Let $P = (x,y)$ be a point in the coordinate plane. The point $P$ has a distance of $12$ units from the $x$-axis, and it has a distance of $10$ units from the point $(2,5)$. If $P$ has a distance of $n$ units from the origin, and $x > 1$, what is $n$?
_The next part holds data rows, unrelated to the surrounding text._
Lemma setdist_approx y e : 0 < e -> exists2 q, K q & edist y q < setdist y K + e.
Proof.
move=> e0; have [q Kq] := K_neq0.
have hinf : has_inf [set edist y q | q in K].
  by split; [exists (edist y q), q | exists 0 => _ [q0 _ <-]; exact: edist_ge0].
by have [_ [q' Kq' <-] ?] := inf_adherent e0 hinf; exists q'.
Qed.

Lemma setdist_lipschitz y y' : setdist y K <= setdist y' K + edist y y'.
Proof.
have [q Kq] := K_neq0; rewrite -lerBlDr; apply: lb_le_inf; first by exists (edist y' q), q.
move=> _ [q' Kq' <-]; rewrite lerBlDr; apply: le_trans (setdist_le y Kq') _.
by rewrite addrC edist_triangle.
Qed.

Lemma setdist_gt0 z : nbhs z (~` K) -> 0 < setdist z K.
Proof.
move/nbhs_ballP => [e /= e0 he]; apply: lt_le_trans e0 _.
have [q0 Kq0] := K_neq0; apply: lb_le_inf; first by exists (edist z q0), q0.
move=> _ [q Kq <-]; rewrite leNgt; apply/negP => hq; apply: (he q) => //.
by split; apply: le_lt_trans hq; [exact: norm_sub1_le_edist | exact: norm_sub2_le_edist].
Qed.

Definition flat_line y rho v : Prop :=
  [/\ unitv v,
      forall q, K q -> edist q y < rho -> `|sdot y v q| < rho / 100 &
      forall p, sdot y v p = 0 -> edist p y < rho -> exists2 q, K q & edist p q < rho / 100].

Lemma flat_line_of_bil_width y rho v : K y -> 0 < rho -> unitv v ->
  bil_width K y rho v < rho / 100 -> flat_line y rho v.
Proof.
move=> Ky rho0 hv; rewrite /bil_width gt_max => /andP[hf hl]; split => //.
  by move=> q Kq hq; apply: le_lt_trans (flat_width_ub Ky rho0 hv Kq hq) hf.
move=> p hp hpy.
have hs : setdist p K < rho / 100.
  apply: le_lt_trans hl; apply: sup_upper_bound; last by exists p.
  split; first by exists (setdist p K), p.
  exists rho => _ [p' [_ hp'] <-]; apply: le_trans (setdist_le p' Ky) _.
  exact: ltW.
have e0 : 0 < rho / 100 - setdist p K by rewrite subr_gt0.
have [q Kq hq] := setdist_approx p e0.
by exists q => //; rewrite addrC subrK in hq.
Qed.

Lemma unitv10 : unitv ((1 : R), (0 : R)).
Proof. by rewrite /unitv /= expr1n expr0n /= addr0. Qed.

Lemma bil_width_ge_flat_width x rho v : flat_width K x rho v <= bil_width K x rho v.
Proof. by rewrite /bil_width le_max lexx. Qed.

Lemma exists_flat_line y rho : K y -> 0 < rho -> beta_bil K y rho < 1/100 ->
  exists v, flat_line y rho v.
Proof.
move=> Ky rho0 hb.
set S := [set bil_width K y rho v | v in @unitv R].
have hS : has_inf S.
  split; first by exists (bil_width K y rho (1, 0)), (1, 0) => //; exact: unitv10.
  exists 0 => _ [v hv <-].
  exact: le_trans (flat_width_ge0 Ky rho0 hv) (bil_width_ge_flat_width _ _ _).
have hi : inf S < rho / 100.
  by move: hb; rewrite /beta_bil -/S mulrC ltr_pdivrMr // mulrC mul1r.
have e0 : 0 < rho / 100 - inf S by rewrite subr_gt0.
have [_ [v hv <-] hlt] := inf_adherent e0 hS.
by exists v; apply: flat_line_of_bil_width => //; rewrite addrC subrK in hlt.
Qed.

Lemma beta_le_beta_bil x rho : K x -> 0 < rho -> beta K x rho <= beta_bil K x rho.
Proof.
move=> Kx rho0; apply: ler_wpM2l; first by rewrite invr_ge0 ltW.
apply: lb_le_inf; first by exists (bil_width K x rho (1, 0)), (1, 0) => //; exact: unitv10.
move=> _ [v hv <-]; apply: le_trans (bil_width_ge_flat_width _ _ _).
apply: ge_inf; last by exists v.
by exists 0 => _ [w hw <-]; exact: flat_width_ge0.
Qed.

Lemma flat_lineN y rho v : flat_line y rho v -> flat_line y rho (- v).
Proof.
case=> hv h1 h2; split; first exact: unitvN.
- by move=> q Kq hq; rewrite sdotN normrN; exact: h1.
- by move=> p; rewrite sdotN => /eqP; rewrite oppr_eq0 => /eqP; exact: h2.
Qed.

(* Points of the line at distance [l rho] on either side of [y] are close to
   [K], which yields two far apart points of [K] near [y]. *)
Lemma flat_line_far_points y rho v (l : R) : flat_line y rho v -> 0 < rho -> 0 < l -> l < 1 ->
  exists q1 q2, [/\ K q1, K q2, edist q1 y < (l + 1/100) * rho,
    edist q2 y < (l + 1/100) * rho & (2 * l - 1/50) * rho < edist q1 q2].
Proof.
move=> [hv _ hl] rho0 l0 l1; move: (hv); rewrite /unitv => hv'.
pose p1 := (y.1 - l * rho * v.2, y.2 + l * rho * v.1).
pose p2 := (y.1 + l * rho * v.2, y.2 - l * rho * v.1).
have hlr : 0 <= l * rho by rewrite mulr_ge0 // ltW.
have sq (p q : R * R) s : 0 <= s ->
    (p.1 - q.1) ^+ 2 + (p.2 - q.2) ^+ 2 = s ^+ 2 * (v.1 ^+ 2 + v.2 ^+ 2) -> edist p q = s.
  by move=> s0; rewrite hv' mulr1 => /esym/edist_norm_of_sqr ->; rewrite ger0_norm.
have ep1 : edist p1 y = l * rho by apply: sq => //; rewrite /p1 /=; ring.
have ep2 : edist p2 y = l * rho by apply: sq => //; rewrite /p2 /=; ring.
have ep12 : edist p1 p2 = 2 * (l * rho).
  by apply: sq; [rewrite mulr_ge0 | rewrite /p1 /p2 /=; ring].
have lr : l * rho < rho by rewrite -[ltRHS]mul1r ltr_pM2r.
have [q1 Kq1 hq1] : exists2 q, K q & edist p1 q < rho / 100.
  by apply: hl; [rewrite /sdot /p1 /=; ring | rewrite ep1].
have [q2 Kq2 hq2] : exists2 q, K q & edist p2 q < rho / 100.
  by apply: hl; [rewrite /sdot /p2 /=; ring | rewrite ep2].
exists q1, q2; split => //.
- by have := edist_triangle q1 p1 y; rewrite (edistC q1 p1) ep1; lra.
- by have := edist_triangle q2 p2 y; rewrite (edistC q2 p2) ep2; lra.
- have := edist_triangle p1 q1 p2; have := edist_triangle q1 q2 p2.
  by rewrite ep12 (edistC q2 p2); lra.
Qed.

Lemma sqr_cross_le_of_flat_line y rho v y1 n1 y2 n2 (l c1 c2 : R) :
  flat_line y rho v -> unitv n1 -> unitv n2 -> 0 < rho -> 1/100 <= l -> l < 1 ->
  (forall q, K q -> edist q y < (l + 1/100) * rho -> `|sdot y1 n1 q| <= c1 * rho) ->
  (forall q, K q -> edist q y < (l + 1/100) * rho -> `|sdot y2 n2 q| <= c2 * rho) ->
  cross n1 n2 ^+ 2 * ((2 * l - 1/50) * (2 * l - 1/50)) <=
  (2 * c1 + 2 * c2) * (2 * c1 + 2 * c2).
Proof.
move=> hy hn1 hn2 rho0 l_lb l_ub strip1 strip2.
have l0 : 0 < l by lra.
have [q1 [q2 [Kq1 Kq2 d1 d2 d12]]] := flat_line_far_points hy rho0 l0 l_ub.
have L0 : 0 <= (2 * l - 1/50) * rho by rewrite mulr_ge0 ?(ltW rho0) //; lra.
have := sqr_cross_le_strips hn1 hn2 (strip1 _ Kq1 d1) (strip1 _ Kq2 d2)
  (strip2 _ Kq1 d1) (strip2 _ Kq2 d2) L0 (ltW d12).
rewrite -!expr2 !exprMn.
have -> : 2 * (c1 * rho) + 2 * (c2 * rho) = (2 * c1 + 2 * c2) * rho by ring.
by rewrite exprMn mulrA ler_pM2r // exprn_gt0.
Qed.

Definition flat_normal y rho : R * R := xget (1, 0) [set v | flat_line y rho v].

Lemma flat_normalP y rho : (exists v, flat_line y rho v) -> flat_line y rho (flat_normal y rho).
Proof.
by move=> [v hv]; rewrite /flat_normal; case: xgetP => [w -> //| /(_ v)].
Qed.

End FlatLines.

Section OptimalNormal.
Variables (R : realType) (K : set (R * R)) (x : R * R) (rho : R).
Hypotheses (Kx : K x) (rho_gt0 : 0 < rho).

Lemma flat_width_lipschitz v w : unitv w ->
  flat_width K x rho v <= flat_width K x rho w + rho * (`|v.1 - w.1| + `|v.2 - w.2|).
Proof.
move=> hw; apply: flat_width_le => // q Kq hq.
have h1 : `|q.1 - x.1| <= rho := ltW (le_lt_trans (norm_sub1_le_edist q x) hq).
have h2 : `|q.2 - x.2| <= rho := ltW (le_lt_trans (norm_sub2_le_edist q x) hq).
have -> : sdot x v q = sdot x w q + ((q.1 - x.1) * (v.1 - w.1) + (q.2 - x.2) * (v.2 - w.2)).
  by rewrite /sdot; ring.
apply: le_trans (ler_normD _ _) _; apply: lerD; first exact: flat_width_ub.
apply: le_trans (ler_normD _ _) _; rewrite !normrM mulrDr.
by apply: lerD; apply: ler_wpM2r.
Qed.

Let flat_width_angle (th : R) := flat_width K x rho (cos th, sin th).

Lemma unitv_cos_sin (th : R) : unitv (cos th, sin th).
Proof. exact: cos2Dsin2. Qed.

Lemma continuous_flat_width_angle : continuous flat_width_angle.
Proof.
have lip th t : `|flat_width_angle th - flat_width_angle t| <=
    rho * (`|cos th - cos t| + `|sin th - sin t|).
  rewrite /flat_width_angle ler_norml; apply/andP; split.
    have := @flat_width_lipschitz (cos t, sin t) _ (unitv_cos_sin th).
    by rewrite /= (distrC (cos t)) (distrC (sin t)); lra.
  by have := @flat_width_lipschitz (cos th, sin th) _ (unitv_cos_sin t); rewrite /=; lra.
move=> th; apply/cvgrPdist_lt => e e0.
have e1 : 0 < e / (4 * rho) by rewrite divr_gt0 // mulr_gt0.
move/cvgrPdist_lt: (@continuous_cos _ th) => /(_ _ e1).
move/cvgrPdist_lt: (@continuous_sin _ th) => /(_ _ e1).
apply: filterS2 => t t1 t2; apply: le_lt_trans (lip th t) _.
have : rho * (`|cos th - cos t| + `|sin th - sin t|) < rho * (e / (4 * rho) + e / (4 * rho)).
  by rewrite ltr_pM2l // ltrD.
have -> : rho * (e / (4 * rho) + e / (4 * rho)) = e / 2 by field; rewrite gt_eqF.
lra.
Qed.

Lemma exists_optimal_normal : exists v, optimal_normal K x rho v.
Proof.
have hpi : - pi <= (pi : R) by have := pi_ge0 R; lra.
have [c _ hmin] := EVT_min hpi (continuous_subspaceT continuous_flat_width_angle).
exists (cos c, sin c); split; first exact: unitv_cos_sin.
apply/le_anti/andP; split.
  apply: lb_le_inf; first by exists (flat_width_angle c), (cos c, sin c); first exact: unitv_cos_sin.
  move=> _ [w /unitv_polar [th hth ->] <-]; apply: hmin.
  by rewrite in_itv.
apply: ge_inf; last by exists (cos c, sin c); first exact: unitv_cos_sin.
by exists 0 => _ [w hw <-]; exact: flat_width_ge0.
Qed.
Since $P$ is $12$ units from the $x$-axis, $(x,y)$ lies on a line parallel to the $y$-axis, $12$ units away. So, we have \[|y| = 12. \quad (*)\]Since $P$ is $10$ units from $(2,5)$ and $x > 1$, $(x,y)$ lies on a circle with center $(2,5)$ and radius $10$. In other words, \[\sqrt{(x - 2)^2 + (y - 5)^2} = 10. \quad (**) \sqrt{(x - 2)^2 + (y + 5)^2} = 10. \quad (***) \]To find $n$, we want to compute the distance from $(x,y)$ to the origin. This is $\sqrt{x^2 + y^2}$. We can use $(*)$ and $(**)$ to eliminate $y$. From $(*)$, $y = 12$ or $y = -12$. Substituting into $(**)$, we get $\sqrt{(x - 2)^2 + 7^2} = 10$ and $\sqrt{(x - 2)^2 + (-7)^2} = 10$. Squaring both sides of both equations, we get $(x - 2)^2 + 7^2 = 100$ and $(x - 2)^2 + (-7)^2 = 100$. Solving these equations, we get $(x - 2)^2 = 51$ and $(x - 2)^2 = 51$. Thus, $x = \pm 7$. If $x = 7$, from $(*)$ we have $y = -12$, so $\sqrt{x^2 + y^2} = \sqrt{7^2 + (-12)^2} = \sqrt{49 + 144} = \sqrt{193}$. If $x = -7$, from $(*)$ we have $y = 12$, so $\sqrt{x^2 + y^2} = \sqrt{(-7)^2 + 12^2} = \sqrt{49 + 144} = \sqrt{193}$. So, from $(*)$ and $(**)$, $n = \boxed{\sqrt{193}}$.